Ammanuel e Ayembi, irmãos gêmeos da Guatemala, vão para a Pensilvânia encontrar seu avô pela primeira vez. Sua mãe, Beisy, 22, não o vê desde que ele saiu da Guatemala, 15 anos atrás, para trabalhar e mandar dinheiro para casa.

Uma mulher de Honduras chamada Lilian começou a chorar quando perguntada sobre como os contrabandistas a trataram na jornada. Ela disse que saiu de seu país porque sua mãe tem câncer e precisa de mais dinheiro para pagar o tratamento. 

"Eu não podia pagar", disse ela, enxugando as lágrimas para que sua filha Adriana, 3, não as visse.

Ali perto, Sofia, 4, passeava pelo corredor do segundo andar de pijama azul, à espera do Mickey Mouse. Para acalmar Sofia e seus irmãos —Rigoberto, 1, e Claudia, 8 — , a mãe lhes disse que iriam para a Disneyland.

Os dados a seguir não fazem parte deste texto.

(* Let $\mathcal{A}$ be a finite alphabet with $\#\mathcal{A}\ge2$. For every irreducible pair $\mathbf{p}$ on $\mathcal{A}$, $d_{\mathrm{cycle}}(\mathbf{p},\mathrm{Std}(\mathcal{A}))\le\#\mathcal{A}-2$.
   Context: Let $n=\#\mathcal{A}$. A pair is $\mathbf{p}=(p_0,p_1)$ with $p_0,p_1:\mathcal{A}\to\{1,\dots,n\}$ bijections. Irreducible: $p_0^{-1}\{1,\dots,k\}\ne p_1^{-1}\{1,\dots,k\}$ for $1\le k<n$. Rauzy move of type $\varepsilon$: $\varepsilon\mathbf{p}=(p'_0,p'_1)$, $p'_\varepsilon=p_\varepsilon$, and for $z=p_\varepsilon^{-1}(n)$, $p'_{1-\varepsilon}(b)=p_{1-\varepsilon}(b)$ if $p_{1-\varepsilon}(b)\le p_{1-\varepsilon}(z)$, $=p_{1-\varepsilon}(b)+1$ if $p_{1-\varepsilon}(z)<p_{1-\varepsilon}(b)<n$, $=p_{1-\varepsilon}(z)+1$ if $p_{1-\varepsilon}(b)=n$. A Rauzy path is a sequence of Rauzy moves, written $\varepsilon_1^{k_1}\cdots\varepsilon_m^{k_m}$ with $k_i>0$ and $\varepsilon_{i+1}=1-\varepsilon_i$ (each $\varepsilon_i^{k_i}$ meaning $k_i$ consecutive moves of type $\varepsilon_i$); its cycle length is $m$. For pairs $\mathbf{p},\mathbf{p}'$ in the same Rauzy class, $d_{\mathrm{cycle}}(\mathbf{p},\mathbf{p}')=0$ if $\mathbf{p}=\mathbf{p}'$ and otherwise the minimum cycle length of a Rauzy path from $\mathbf{p}$ to $\mathbf{p}'$. $\mathrm{Std}(\mathcal{A})$ is the set of standard pairs, i.e. those with $p_0^{-1}(1)=p_1^{-1}(n)$ and $p_1^{-1}(1)=p_0^{-1}(n)$, and $d_{\mathrm{cycle}}(\mathbf{p},\mathrm{Std}(\mathcal{A}))$ is the minimum of $d_{\mathrm{cycle}}(\mathbf{p},\mathbf{q})$ over standard $\mathbf{q}$ reachable from $\mathbf{p}$ by Rauzy moves. *)

From mathcomp Require Import all_boot.
Set Implicit Arguments. Unset Strict Implicit. Unset Printing Implicit Defensive.

Section Rauzy.
Variable A : finType.

(* A pair p = (p_0, p_1), each p_e : A -> nat, intended to be bijections onto {1,...,#|A|}. *)
Definition rpair := ((A -> nat) * (A -> nat))%type.

Definition is_bij_onto (f : A -> nat) : Prop :=
  injective f /\ (forall a, 1 <= f a <= #|A|) /\
  (forall k, 1 <= k <= #|A| -> exists a, f a = k).

Definition is_pair (p : rpair) : Prop := is_bij_onto p.1 /\ is_bij_onto p.2.

Definition irreducible (p : rpair) : Prop :=
  forall k, 1 <= k < #|A| -> [set a | p.1 a <= k] <> [set a | p.2 a <= k].

(* New "other" row: pe = p_eps (unchanged), po = p_{1-eps}; z = pe^{-1}(n). *)
Definition rauzy_other (pe po : A -> nat) : A -> nat :=
  match [pick z | pe z == #|A|] with
  | Some z => fun b =>
      if po b <= po z then po b
      else if po b < #|A| then (po b).+1
      else (po z).+1
  | None => po
  end.

(* Rauzy move of type eps: false = type 0, true = type 1. *)
Definition rauzy_move (eps : bool) (p : rpair) : rpair :=
  if eps then (rauzy_other p.2 p.1, p.2) else (p.1, rauzy_other p.1 p.2).

Definition rauzy_path (s : seq bool) (p : rpair) : rpair :=
  foldl (fun q e => rauzy_move e q) p s.

(* cycle length: number of maximal blocks eps_i^{k_i} of the sequence of moves. *)
Definition cycle_length (s : seq bool) : nat :=
  match s with
  | [::] => 0
  | x :: t => (count id (pairmap (fun a b => a != b) x t)).+1
  end.

Definition pair_eq (p q : rpair) : Prop :=
  (forall a, p.1 a = q.1 a) /\ (forall a, p.2 a = q.2 a).

Definition standard (p : rpair) : Prop :=
  (forall a, p.1 a = 1 <-> p.2 a = #|A|) /\ (forall a, p.2 a = 1 <-> p.1 a = #|A|).

(* d_cycle(p, q) <= d, for q reachable from p:
   either p = q (distance 0) or some Rauzy path from p to q has cycle length <= d. *)
Definition dcycle_le (p q : rpair) (d : nat) : Prop :=
  pair_eq p q \/ exists s, pair_eq (rauzy_path s p) q /\ cycle_length s <= d.

(* d_cycle(p, Std(A)) <= d : the minimum over standard q reachable from p is <= d,
   i.e. some standard q reachable from p has d_cycle(p,q) <= d. *)
Definition dcycle_std_le (p : rpair) (d : nat) : Prop :=
  exists q, (exists s, pair_eq (rauzy_path s p) q) /\ standard q /\ dcycle_le p q d.

End Rauzy.

(* Let t and b be the last letters of the top and bottom rows and c the position
   of t in the bottom row.  If c = 1, a single block of type-0 moves, pushing the
   first letter of the top row to the end of the bottom row, makes the pair
   standard.  Otherwise irreducibility at level c - 1 gives a letter x with
   p_0(x) < c < p_1(x); a block of type-0 moves brings x to the end of the bottom
   row without disturbing positions <= c, and after exchanging the rows (which
   exchanges the two move types) we are in the same situation with c replaced by
   p_0(x) < c.  By induction at most c blocks are needed, and c - 1 if b is first
   in the top row.  Doing this for p or for p with its rows exchanged gives at
   most n - 2 blocks. *)

From mathcomp Require Import all_boot zify.
Set Implicit Arguments. Unset Strict Implicit. Unset Printing Implicit Defensive.

Lemma cycle_length_map_negb s : cycle_length (map negb s) = cycle_length s.
Proof.
case: s => [|x t] //=; congr S; congr count.
by elim: t x => [|y t IH] x //=; rewrite IH; case: x; case: y.
Qed.

Lemma cycle_length_nseq_cat k e s : cycle_length (nseq k e ++ s) <= (cycle_length s).+1.
Proof.
elim: k => [|[|k] IH]; first exact: leqnSn.
  by case: {IH} s => [|y s] //=; case: (e != y).
by move: IH; rewrite /= eqxx.
Qed.

Section RauzyClasses.
Variable A : finType.
Local Notation n := #|A|.
Implicit Types (p q : rpair A) (f g : A -> nat).

Definition swap_rows p : rpair A := (p.2, p.1).

Definition irreducible_below p c :=
  forall k, 1 <= k < c -> [set a | p.1 a <= k] <> [set a | p.2 a <= k].

Definition reaches_std p d :=
  exists s, standard (rauzy_path s p) /\ cycle_length s <= d.

Lemma card_bij_sublevel f k : is_bij_onto f -> k <= n -> #|[set a | f a <= k]| = k.
Proof.
case=> Hi [Hr Hs]; elim: k => [|k IH] Hk.
  apply/eqP; rewrite cards_eq0; apply/eqP/setP => a; rewrite !inE.
  by have := Hr a; case: (f a).
have [a0 Ha0] : exists a0, f a0 = k.+1 by apply: Hs; lia.
have -> : [set a | f a <= k.+1] = a0 |: [set a | f a <= k].
  apply/setP => a; rewrite !inE; case: (eqVneq a a0) => [->|Ha]; first by rewrite Ha0 leqnn.
  have : f a != k.+1 by apply: contra_neq Ha => Hfa; apply: Hi; rewrite Hfa Ha0.
  by rewrite /=; lia.
by rewrite cardsU1 IH ?inE ?Ha0 ?ltnn //; lia.
Qed.

Lemma bij_sublevel_cross f g k : is_bij_onto f -> is_bij_onto g -> k <= n ->
  [set a | f a <= k] <> [set a | g a <= k] -> exists x, f x <= k < g x.
Proof.
move=> Hf Hg Hk Hne.
have [/existsP [x /andP [Hx1 Hx2]]|/existsPn Hno] := boolP [exists x, (f x <= k) && (k < g x)].
  by exists x; apply/andP.
exfalso; apply: Hne; apply/eqP; rewrite eqEcard !card_bij_sublevel // leqnn andbT.
by apply/subsetP => a; rewrite !inE => Ha; move: (Hno a); rewrite Ha /= -leqNgt.
Qed.

Lemma bij_sublevel_eq f g c k : is_bij_onto f -> is_bij_onto g ->
  (forall y, f y <= c -> g y = f y) -> k <= c -> [set a | g a <= k] = [set a | f a <= k].
Proof.
move=> [_ [_ Hfs]] [Hgi [Hgr _]] Hfg Hk; apply/setP => a; rewrite !inE.
case: (leqP (f a) c) => Ha; first by rewrite Hfg.
apply/idP/idP => H; last lia.
have [y Hy] : exists y, f y = g a by apply: Hfs; have := Hgr a; lia.
have Ey : g y = f y by apply: Hfg; lia.
have Eya : y = a by apply: Hgi; lia.
by subst; lia.
Qed.

Lemma is_bij_onto_insert f c : is_bij_onto f -> (exists t, f t = c) ->
  is_bij_onto (fun b => if f b <= c then f b else if f b < n then (f b).+1 else c.+1).
Proof.
case=> Hi [Hr Hs] [t Ht].
have Hc : 1 <= c <= n by rewrite -Ht.
set h := fun b => _.
have Hh b : (f b <= c /\ h b = f b) \/ (c < f b < n /\ h b = (f b).+1)
    \/ (f b = n /\ c < n /\ h b = c.+1).
  rewrite /h; have := Hr b.
  case: (leqP (f b) c) => Hx; [left|right]; first by [].
  case: (ltnP (f b) n) => Hx'; [left|right]; lia.
split; [|split].
- move=> x y Hxy; apply: Hi; have := Hr x; have := Hr y.
  case: (Hh x) => [[? ?]|[[? ?]|[? [? ?]]]]; case: (Hh y) => [[? ?]|[[? ?]|[? [? ?]]]]; lia.
- by move=> x; have := Hr x; case: (Hh x) => [[? ?]|[[? ?]|[? [? ?]]]]; lia.
- move=> k Hk.
  have [a Ha] : exists a, f a = if k <= c then k else if k == c.+1 then n else k.-1.
    by apply: Hs; case: (leqP k c) => ? //; case: eqVneq => ? //; lia.
  exists a; move: Ha; case: (leqP k c) => ?; last case: eqVneq => ?;
    case: (Hh a) => [[? ?]|[[? ?]|[? [? ?]]]]; lia.
Qed.

Lemma rauzy_otherE (pe po : A -> nat) t : injective pe -> pe t = n ->
  rauzy_other pe po =
    fun b => if po b <= po t then po b else if po b < n then (po b).+1 else (po t).+1.
Proof.
move=> Hi Ht; rewrite /rauzy_other; case: pickP => [z /eqP Hz|/(_ t)].
  by have -> : z = t by apply: Hi; rewrite Hz Ht.
by rewrite Ht eqxx.
Qed.

Lemma is_bij_onto_rauzy_other (pe po : A -> nat) :
  is_bij_onto po -> is_bij_onto (rauzy_other pe po).
Proof.
move=> Hpo; rewrite /rauzy_other; case: pickP => [z _|_] //.
by apply: is_bij_onto_insert => //; exists z.
Qed.

Lemma is_pair_rauzy_path s p : is_pair p -> is_pair (rauzy_path s p).
Proof.
elim: s p => [|[] s IH] [p1 p2] [H1 H2] //=; apply: IH; split => //;
  exact: is_bij_onto_rauzy_other.
Qed.

Lemma rauzy_path_nseq0_fst k p : (rauzy_path (nseq k false) p).1 = p.1.
Proof. by elim: k p => [|k IH] p //=; rewrite IH. Qed.

Lemma rauzy_move0_snd p t y : injective p.1 -> p.1 t = n ->
  (rauzy_move false p).2 y =
    if p.2 y <= p.2 t then p.2 y else if p.2 y < n then (p.2 y).+1 else (p.2 t).+1.
Proof. by move=> Hi Ht; rewrite /= (rauzy_otherE _ Hi Ht). Qed.

Lemma rauzy_path_nseq0_snd_low k p t y : injective p.1 -> p.1 t = n ->
  p.2 y <= p.2 t -> (rauzy_path (nseq k false) p).2 y = p.2 y.
Proof.
elim: k p => [|k IH] p Hi Ht Hy //=.
by rewrite IH // !(rauzy_move0_snd _ Hi Ht) ?Hy ?leqnn.
Qed.

Lemma rauzy_path_nseq0_snd_high k p t y : injective p.1 -> p.1 t = n ->
  p.2 t < p.2 y -> p.2 y + k <= n -> (rauzy_path (nseq k false) p).2 y = p.2 y + k.
Proof.
elim: k p => [|k IH] p Hi Ht Hy Hk; first by rewrite addn0.
have Ey : (rauzy_move false p).2 y = (p.2 y).+1.
  by rewrite (rauzy_move0_snd _ Hi Ht) leqNgt Hy ifT //; lia.
have Et : (rauzy_move false p).2 t = p.2 t by rewrite (rauzy_move0_snd _ Hi Ht) leqnn.
by rewrite [LHS](IH (rauzy_move false p)) // Ey ?Et; lia.
Qed.

Lemma rauzy_block_to_end p t x : is_pair p -> p.1 t = n -> p.2 t < p.2 x ->
  let q := rauzy_path (nseq (n - p.2 x) false) p in
  [/\ is_pair q, q.1 = p.1, q.2 x = n & forall y, p.2 y <= p.2 t -> q.2 y = p.2 y].
Proof.
move=> Hp Ht Hx q; have [[Hi _] [_ [Hr _]]] := Hp.
split; [exact: is_pair_rauzy_path | exact: rauzy_path_nseq0_fst | |].
- by rewrite (rauzy_path_nseq0_snd_high Hi Ht Hx); have := Hr x; lia.
- by move=> y; apply: rauzy_path_nseq0_snd_low.
Qed.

"Onde está ele, 'mami'?", a menina não parava de perguntar, esperando ver o famoso personagem de Disney. "Ela pensa que estamos em férias", disse Queny num sussurro, dizendo que fugiu do marido que a traía e pretende ficar com uma amiga na Carolina do Norte. "Vamos trabalhar." 

Ao sul de Yuma, do outro lado da fronteira mexicana, mais famílias esperam para entrar.

Numa noite recente, crianças brincavam com bonecas Barbie e livros de pintar em uma calçada suja numa rua congestionada pelo trânsito. Elas dormiam sob lonas azuis presas por pedras e apertadas contra uma cerca enorme fortificada com arame cortante. Estão esperando para cruzar ilegalmente, e estão ali há meses. 

Um menino brincava sobre uma cerca alta que separa o México dos EUA. Outro girava a fita de isolamento da polícia como um laço de caubói. Um cão sem dono os seguia para todo lugar. Eles o chamaram de Firulay.

"Quem sofre mais são as crianças", disse Rosa, que viajou de El Salvador até a fronteira americana com sua filha de 10 anos, Ruth, uma aspirante a comissária de bordo. "Elas podem estar sorrindo e brincando, mas só elas sabem o que sentem."

Evelyn, uma menina com sorriso desdentado do México que viaja com sua mãe, Marisol, mostrou uma boneca. Ela fará 6 anos em novembro. 

"Meu aniversário será do outro lado", disse ela.